The Tigers lost both games on Sunday, September 2, the first in embarrassing fashion when Mitchell was pounded for four runs in the first inning. The Tigs lost that contest 7-2. The nightcap may have been played honestly by the Detroiters: in the ninth they plated four runs to take a 5-3 lead. But Jennings, perhaps unwilling to use a pitcher whose motives he couldn’t trust, stuck with starter George Cunningham, who allowed the tying runs to score in the ninth. Detroit lost 6-5 in the tenth inning when two errors set up the winning run. Maybe those errors were truly “errors” or maybe the team didn’t want to play any more baseball that afternoon.

A nice crowd of more than 10,000 filed in to Comiskey Park on Labor Day, many of them wearing straw hats and carrying scorecards or fans to compete with the late summer heat. Howard Ehmke started for the Bengals and the game was competitive throughout, but ultimately the home team prevailed 7-5 on the strength of a few late rallies. James came in to the game in relief and allowed a run.

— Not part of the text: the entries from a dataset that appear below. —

Lemma run_column_order : exists s, run column_step column_order start_state = Some s.
Proof.
have fix_start b : tall b start_state = Some start_state.
  by rewrite /tall /start_state; case: ifP; case: ifP; case: odd.
rewrite /column_order /column_word 3!number_occ_cat.
do 3 (rewrite run_cat run_tall_columns /= ?count_nseq /= ?addn0 ?fix_start //).
rewrite run_short_columns; last first.
  by case=> [|[|[|[|b]]]] /=; rewrite ?count_nseq /= ?addn0 ?add0n ?muln1 ?mul1n ?muln0.
rewrite run_cat /start_state /short_word; case: ifP => _.
  rewrite (@run_nseq_swap _ _ short 1 2 1) //= run_cat (@run_alt_word _ _ short 2 3 2 0) //=.
  exact: (@run_sep_word _ _ short 2 1 2 0 1).
rewrite (@run_nseq_swap _ _ short 1 1 2) //= run_cat (@run_alt_word _ _ short 3 2 1 0) //=.
exact: (@run_sep_word _ _ short 3 1 1 0 2).
Qed.

Lemma mem_column_order b j : ((b, j) \in column_order) = (j < count_mem b column_word)%N.
Proof. by rewrite mem_number_occ. Qed.

Hypothesis nsep_le : (nsep <= g1 + g2)%N.

Lemma colkey_in_column_order (i : 'I_n) : @colkey lam i \in column_order.
Proof.
have [c1 c2 c3] := count_column_word nsep_le.
have := @colkey_mpart _ _ _ _ _ _ _ i.
case: (@colkey lam i) => b j /(_ _ (leq_addl _ _) (leq_addl _ _)) /=.
have h : (g3 <= g2 + g3 <= g1 + g2 + g3)%N by apply/andP; split; lia.
rewrite mem_column_order => /(_ h) /or3P[] /andP[/eqP -> hj]; by rewrite ?c1 ?c2 ?c3.
Qed.

Lemma row_steps_column k : k \in column_order -> row_steps (column_step k) (column_value k).
Proof.
have [c1 c2 c3] := count_column_word nsep_le.
case: k => [[|[|[|[|b]]]] j]; rewrite mem_column_order ?c1 ?c2 ?c3 => hj.
- by move=> s s'.
- exact: row_steps_column1.
- exact: row_steps_column2.
- exact: row_steps_column3.
- by move=> s s'.
Qed.

Lemma column_values_prod_neq0 : \prod_(k <- column_order) column_value k != 0.
Proof.
have [s run_s] := run_column_order.
have [a a0 Ea] := row_steps_prod row_steps_column run_s.
apply/eqP => P0; move: Ea; rewrite P0 mulr0 => /esym/eqP.
by rewrite scaler_eq0 (negPf a0) (negPf (erow_neq0 F _)).
Qed.

Lemma mult_mpart_neq0 : mult F lam != 0%N.
Proof.
have uks := number_occ_uniq column_word (fun _ => 0%N).
have [u uE] := exists_perm_map_enum (perm_flatten_fibers uks colkey_in_column_order).
apply: (@mult_neq0 _ _ (monomial F u) _ subst_mx_in_part).
rewrite eval_young_monomial => [|r]; last first.
  by rewrite inE => /forallP rk i; rewrite /subst_mx (eqP (rk i)).
rewrite (colgrp_alt_prod _ uks colkey_in_column_order uE) scaler_eq0 negb_or.
by rewrite card_rowgrp_neq0 // column_values_prod_neq0.
Qed.

End Proposition.

Lemma half_pred_absdiff_le w r m :
  (absdiff w r <= 2) || ((3 <= absdiff w r) && (uphalf (maxn w r) - 1 <= m)) ->
  (absdiff w r).-1./2 <= m.
Proof.
rewrite leq_half_double => /orP[h|/andP[_ h]]; first lia.
by move: h; have := odd_double_half (maxn w r).+1; rewrite -uphalfE /absdiff; case: odd => /=; lia.
Qed.

Theorem proposition5p12 (F : fieldType) (charF0 : [pchar F]%R =i pred0)
    (g1 g2 g3 w1 w2 r1 r2 : nat) :
  let lam2 := [:: g1 + g2 + g3; g2 + g3; g3] in
  let lam3 := [:: w1 + w2; w2] in
  let lam4 := [:: r1 + r2; r2] in
  sumn lam2 != 0 -> sumn lam3 != 0 -> sumn lam4 != 0 ->
  let l := maxn w1 r1 in
  (absdiff w1 r1 <= 2) || ((3 <= absdiff w1 r1) && (uphalf l - 1 <= g1 + g2)) ->
  mult F [:: [::]; lam2; lam3; lam4] != 0.
Proof.
move=> lam2 lam3 lam4 _ _ _ l hyp.
exact: (mult_mpart_neq0 _ _ _ charF0 (half_pred_absdiff_le hyp)).
Qed.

Finally in the second game of the twinbill, the fourth game in two days, the Tigers threw up the white flag. Boland started and was out of the game by the second inning after surrendering five runs. James came in and was a real patsie, giving up seven hits, two walks, and five runs in three innings. The White Sox pounded out 17 hits in all as they beat Detroit 14-2 to complete a four-game sweep that occurred in a little less than 28 hours.

Meanwhile the Red Sox lost both ends of their Labor Day doubleheader back east in Boston to New York and lost again the next day to suddenly find themselves seven games back of Chicago. The Red Sox would never get closer than 6 1/2 games the rest of the season. The White Sox went on to win the World Series, the last one they would win until 2005.

What happened to the Tigers? After the four losses over Labor Day Weekend at the hands of the White Sox, they got on a train heading west to St. Louis for another hot road trip. Quite probably, Boland, James, and Mitchell had a few extra dollars in their pockets thanks to their poor efforts in Chicago. The Bengals limped to a fourth place finish. No one ever got in any trouble for what happened (or may not have happened) in Chicago over Labor Day. But a few years later eight members of the White Sox, including Gandil, and stars Eddie Cicotte and Joe Jackson would be implicated for fixing the World Series and were banned from the sport for life. Late in the 1920s, Dutch Leonard, the lefthanded hurler on that 1917 Boston team, accused Cobb and others of fixing games earlier in their careers, but those accusations were never proven or were swept conveniently under the rug. Baseball was ready to move on to a new era free from scandal.

The 1917 incident was one of several “game fixing” incidents from the pre-1920s “Deadball Era.” A time when there was often a different definition of sportsmanship. Even as late as the 1920s teams would send congratulatory “gifts” to other teams for beating their rivals. That practice was halted by the commissioner.